**Directions for this task:**
Give back the full data, unchanged and complete.

※

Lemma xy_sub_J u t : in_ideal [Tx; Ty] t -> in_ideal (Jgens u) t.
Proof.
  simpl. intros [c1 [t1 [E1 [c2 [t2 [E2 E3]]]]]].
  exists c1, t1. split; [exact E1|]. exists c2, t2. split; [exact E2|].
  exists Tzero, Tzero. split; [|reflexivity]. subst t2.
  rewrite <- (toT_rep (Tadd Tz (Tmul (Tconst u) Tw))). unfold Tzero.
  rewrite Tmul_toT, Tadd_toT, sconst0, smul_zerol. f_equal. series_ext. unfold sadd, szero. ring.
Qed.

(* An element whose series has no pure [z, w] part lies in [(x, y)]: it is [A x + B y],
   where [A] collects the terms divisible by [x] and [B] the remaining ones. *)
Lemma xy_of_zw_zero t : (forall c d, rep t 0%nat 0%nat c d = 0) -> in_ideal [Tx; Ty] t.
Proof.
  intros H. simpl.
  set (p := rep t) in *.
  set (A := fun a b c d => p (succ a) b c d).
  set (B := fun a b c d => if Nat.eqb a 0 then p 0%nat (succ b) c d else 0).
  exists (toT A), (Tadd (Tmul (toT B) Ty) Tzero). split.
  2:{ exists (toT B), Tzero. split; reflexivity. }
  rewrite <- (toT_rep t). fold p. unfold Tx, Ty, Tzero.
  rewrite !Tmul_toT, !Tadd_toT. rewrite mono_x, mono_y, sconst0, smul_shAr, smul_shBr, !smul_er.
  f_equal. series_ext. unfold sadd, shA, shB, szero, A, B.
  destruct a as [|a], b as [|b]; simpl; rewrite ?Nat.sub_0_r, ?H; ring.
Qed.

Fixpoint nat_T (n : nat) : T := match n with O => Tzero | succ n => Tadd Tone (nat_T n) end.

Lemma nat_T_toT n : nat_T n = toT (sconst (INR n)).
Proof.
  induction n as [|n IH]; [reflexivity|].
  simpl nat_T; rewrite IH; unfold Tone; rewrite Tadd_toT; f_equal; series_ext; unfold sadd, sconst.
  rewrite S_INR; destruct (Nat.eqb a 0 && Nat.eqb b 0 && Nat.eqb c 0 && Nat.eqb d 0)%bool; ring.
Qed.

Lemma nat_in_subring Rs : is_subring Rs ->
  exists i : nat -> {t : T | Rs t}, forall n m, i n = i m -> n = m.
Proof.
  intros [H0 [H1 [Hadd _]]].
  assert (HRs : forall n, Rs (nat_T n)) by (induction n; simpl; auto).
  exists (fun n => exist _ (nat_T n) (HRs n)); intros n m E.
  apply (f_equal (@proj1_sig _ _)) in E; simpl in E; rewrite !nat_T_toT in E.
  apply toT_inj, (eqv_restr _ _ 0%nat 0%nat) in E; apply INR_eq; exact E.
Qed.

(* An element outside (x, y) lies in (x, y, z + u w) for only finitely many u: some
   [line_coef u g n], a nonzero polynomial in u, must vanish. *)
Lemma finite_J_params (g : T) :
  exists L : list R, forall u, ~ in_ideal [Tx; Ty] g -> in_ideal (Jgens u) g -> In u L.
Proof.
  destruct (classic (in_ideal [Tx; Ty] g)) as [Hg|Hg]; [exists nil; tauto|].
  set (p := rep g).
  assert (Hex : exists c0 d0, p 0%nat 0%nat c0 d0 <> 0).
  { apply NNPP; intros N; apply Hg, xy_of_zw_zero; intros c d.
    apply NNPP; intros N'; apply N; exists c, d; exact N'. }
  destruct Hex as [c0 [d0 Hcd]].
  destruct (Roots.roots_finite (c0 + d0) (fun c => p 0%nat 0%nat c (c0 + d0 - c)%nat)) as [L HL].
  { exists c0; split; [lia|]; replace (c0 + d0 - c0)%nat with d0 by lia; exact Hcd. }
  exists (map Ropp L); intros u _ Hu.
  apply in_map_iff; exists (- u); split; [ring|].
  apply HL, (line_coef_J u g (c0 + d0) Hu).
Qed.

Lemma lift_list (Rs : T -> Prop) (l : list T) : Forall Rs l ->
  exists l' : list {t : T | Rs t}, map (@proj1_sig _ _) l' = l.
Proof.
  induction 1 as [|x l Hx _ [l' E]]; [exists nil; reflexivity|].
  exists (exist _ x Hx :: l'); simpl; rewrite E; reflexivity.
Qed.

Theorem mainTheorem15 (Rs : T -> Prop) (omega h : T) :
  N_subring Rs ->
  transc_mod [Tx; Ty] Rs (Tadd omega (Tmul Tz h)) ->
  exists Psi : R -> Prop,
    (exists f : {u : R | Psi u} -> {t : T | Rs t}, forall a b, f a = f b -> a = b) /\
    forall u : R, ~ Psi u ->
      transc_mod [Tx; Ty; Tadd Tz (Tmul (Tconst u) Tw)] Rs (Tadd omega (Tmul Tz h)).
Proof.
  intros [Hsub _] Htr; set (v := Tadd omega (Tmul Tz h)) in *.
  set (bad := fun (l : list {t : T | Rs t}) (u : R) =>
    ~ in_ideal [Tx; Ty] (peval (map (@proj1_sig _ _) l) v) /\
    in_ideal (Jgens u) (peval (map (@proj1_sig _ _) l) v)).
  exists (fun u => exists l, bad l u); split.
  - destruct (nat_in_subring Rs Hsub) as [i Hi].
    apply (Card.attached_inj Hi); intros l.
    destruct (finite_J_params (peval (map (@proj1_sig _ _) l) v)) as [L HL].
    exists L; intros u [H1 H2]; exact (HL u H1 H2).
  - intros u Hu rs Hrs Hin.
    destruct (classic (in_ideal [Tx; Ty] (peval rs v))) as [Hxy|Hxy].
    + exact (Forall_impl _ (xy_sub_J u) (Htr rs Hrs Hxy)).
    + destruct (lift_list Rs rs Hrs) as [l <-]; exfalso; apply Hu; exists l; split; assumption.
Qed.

※

**Your solution:**
Lemma xy_sub_J u t : in_ideal [Tx; Ty] t -> in_ideal (Jgens u) t.
Proof.
  simpl. intros [c1 [t1 [E1 [c2 [t2 [E2 E3]]]]]].
  exists c1, t1. split; [exact E1|]. exists c2, t2. split; [exact E2|].
  exists Tzero, Tzero. split; [|reflexivity]. subst t2.
  rewrite <- (toT_rep (Tadd Tz (Tmul (Tconst u) Tw))). unfold Tzero.
  rewrite Tmul_toT, Tadd_toT, sconst0, smul_zerol. f_equal. series_ext. unfold sadd, szero. ring.
Qed.

(* An element whose series has no pure [z, w] part lies in [(x, y)]: it is [A x + B y],
   where [A] collects the terms divisible by [x] and [B] the remaining ones. *)
Lemma xy_of_zw_zero t : (forall c d, rep t 0%nat 0%nat c d = 0) -> in_ideal [Tx; Ty] t.
Proof.
  intros H. simpl.
  set (p := rep t) in *.
  set (A := fun a b c d => p (succ a) b c d).
  set (B := fun a b c d => if Nat.eqb a 0 then p 0%nat (succ b) c d else 0).
  exists (toT A), (Tadd (Tmul (toT B) Ty) Tzero). split.
  2:{ exists (toT B), Tzero. split; reflexivity. }
  rewrite <- (toT_rep t). fold p. unfold Tx, Ty, Tzero.
  rewrite !Tmul_toT, !Tadd_toT. rewrite mono_x, mono_y, sconst0, smul_shAr, smul_shBr, !smul_er.
  f_equal. series_ext. unfold sadd, shA, shB, szero, A, B.
  destruct a as [|a], b as [|b]; simpl; rewrite ?Nat.sub_0_r, ?H; ring.
Qed.

Fixpoint nat_T (n : nat) : T := match n with O => Tzero | succ n => Tadd Tone (nat_T n) end.

Lemma nat_T_toT n : nat_T n = toT (sconst (INR n)).
Proof.
  induction n as [|n IH]; [reflexivity|].
  simpl nat_T; rewrite IH; unfold Tone; rewrite Tadd_toT; f_equal; series_ext; unfold sadd, sconst.
  rewrite S_INR; destruct (Nat.eqb a 0 && Nat.eqb b 0 && Nat.eqb c 0 && Nat.eqb d 0)%bool; ring.
Qed.

Lemma nat_in_subring Rs : is_subring Rs ->
  exists i : nat -> {t : T | Rs t}, forall n m, i n = i m -> n = m.
Proof.
  intros [H0 [H1 [Hadd _]]].
  assert (HRs : forall n, Rs (nat_T n)) by (induction n; simpl; auto).
  exists (fun n => exist _ (nat_T n) (HRs n)); intros n m E.
  apply (f_equal (@proj1_sig _ _)) in E; simpl in E; rewrite !nat_T_toT in E.
  apply toT_inj, (eqv_restr _ _ 0%nat 0%nat) in E; apply INR_eq; exact E.
Qed.

(* An element outside (x, y) lies in (x, y, z + u w) for only finitely many u: some
   [line_coef u g n], a nonzero polynomial in u, must vanish. *)
Lemma finite_J_params (g : T) :
  exists L : list R, forall u, ~ in_ideal [Tx; Ty] g -> in_ideal (Jgens u) g -> In u L.
Proof.
  destruct (classic (in_ideal [Tx; Ty] g)) as [Hg|Hg]; [exists nil; tauto|].
  set (p := rep g).
  assert (Hex : exists c0 d0, p 0%nat 0%nat c0 d0 <> 0).
  { apply NNPP; intros N; apply Hg, xy_of_zw_zero; intros c d.
    apply NNPP; intros N'; apply N; exists c, d; exact N'. }
  destruct Hex as [c0 [d0 Hcd]].
  destruct (Roots.roots_finite (c0 + d0) (fun c => p 0%nat 0%nat c (c0 + d0 - c)%nat)) as [L HL].
  { exists c0; split; [lia|]; replace (c0 + d0 - c0)%nat with d0 by lia; exact Hcd. }
  exists (map Ropp L); intros u _ Hu.
  apply in_map_iff; exists (- u); split; [ring|].
  apply HL, (line_coef_J u g (c0 + d0) Hu).
Qed.

Lemma lift_list (Rs : T -> Prop) (l : list T) : Forall Rs l ->
  exists l' : list {t : T | Rs t}, map (@proj1_sig _ _) l' = l.
Proof.
  induction 1 as [|x l Hx _ [l' E]]; [exists nil; reflexivity|].
  exists (exist _ x Hx :: l'); simpl; rewrite E; reflexivity.
Qed.

Theorem mainTheorem15 (Rs : T -> Prop) (omega h : T) :
  N_subring Rs ->
  transc_mod [Tx; Ty] Rs (Tadd omega (Tmul Tz h)) ->
  exists Psi : R -> Prop,
    (exists f : {u : R | Psi u} -> {t : T | Rs t}, forall a b, f a = f b -> a = b) /\
    forall u : R, ~ Psi u ->
      transc_mod [Tx; Ty; Tadd Tz (Tmul (Tconst u) Tw)] Rs (Tadd omega (Tmul Tz h)).
Proof.
  intros [Hsub _] Htr; set (v := Tadd omega (Tmul Tz h)) in *.
  set (bad := fun (l : list {t : T | Rs t}) (u : R) =>
    ~ in_ideal [Tx; Ty] (peval (map (@proj1_sig _ _) l) v) /\
    in_ideal (Jgens u) (peval (map (@proj1_sig _ _) l) v)).
  exists (fun u => exists l, bad l u); split.
  - destruct (nat_in_subring Rs Hsub) as [i Hi].
    apply (Card.attached_inj Hi); intros l.
    destruct (finite_J_params (peval (map (@proj1_sig _ _) l) v)) as [L HL].
    exists L; intros u [H1 H2]; exact (HL u H1 H2).
  - intros u Hu rs Hrs Hin.
    destruct (classic (in_ideal [Tx; Ty] (peval rs v))) as [Hxy|Hxy].
    + exact (Forall_impl _ (xy_sub_J u) (Htr rs Hrs Hxy)).
    + destruct (lift_list Rs rs Hrs) as [l <-]; exfalso; apply Hu; exists l; split; assumption.
Qed.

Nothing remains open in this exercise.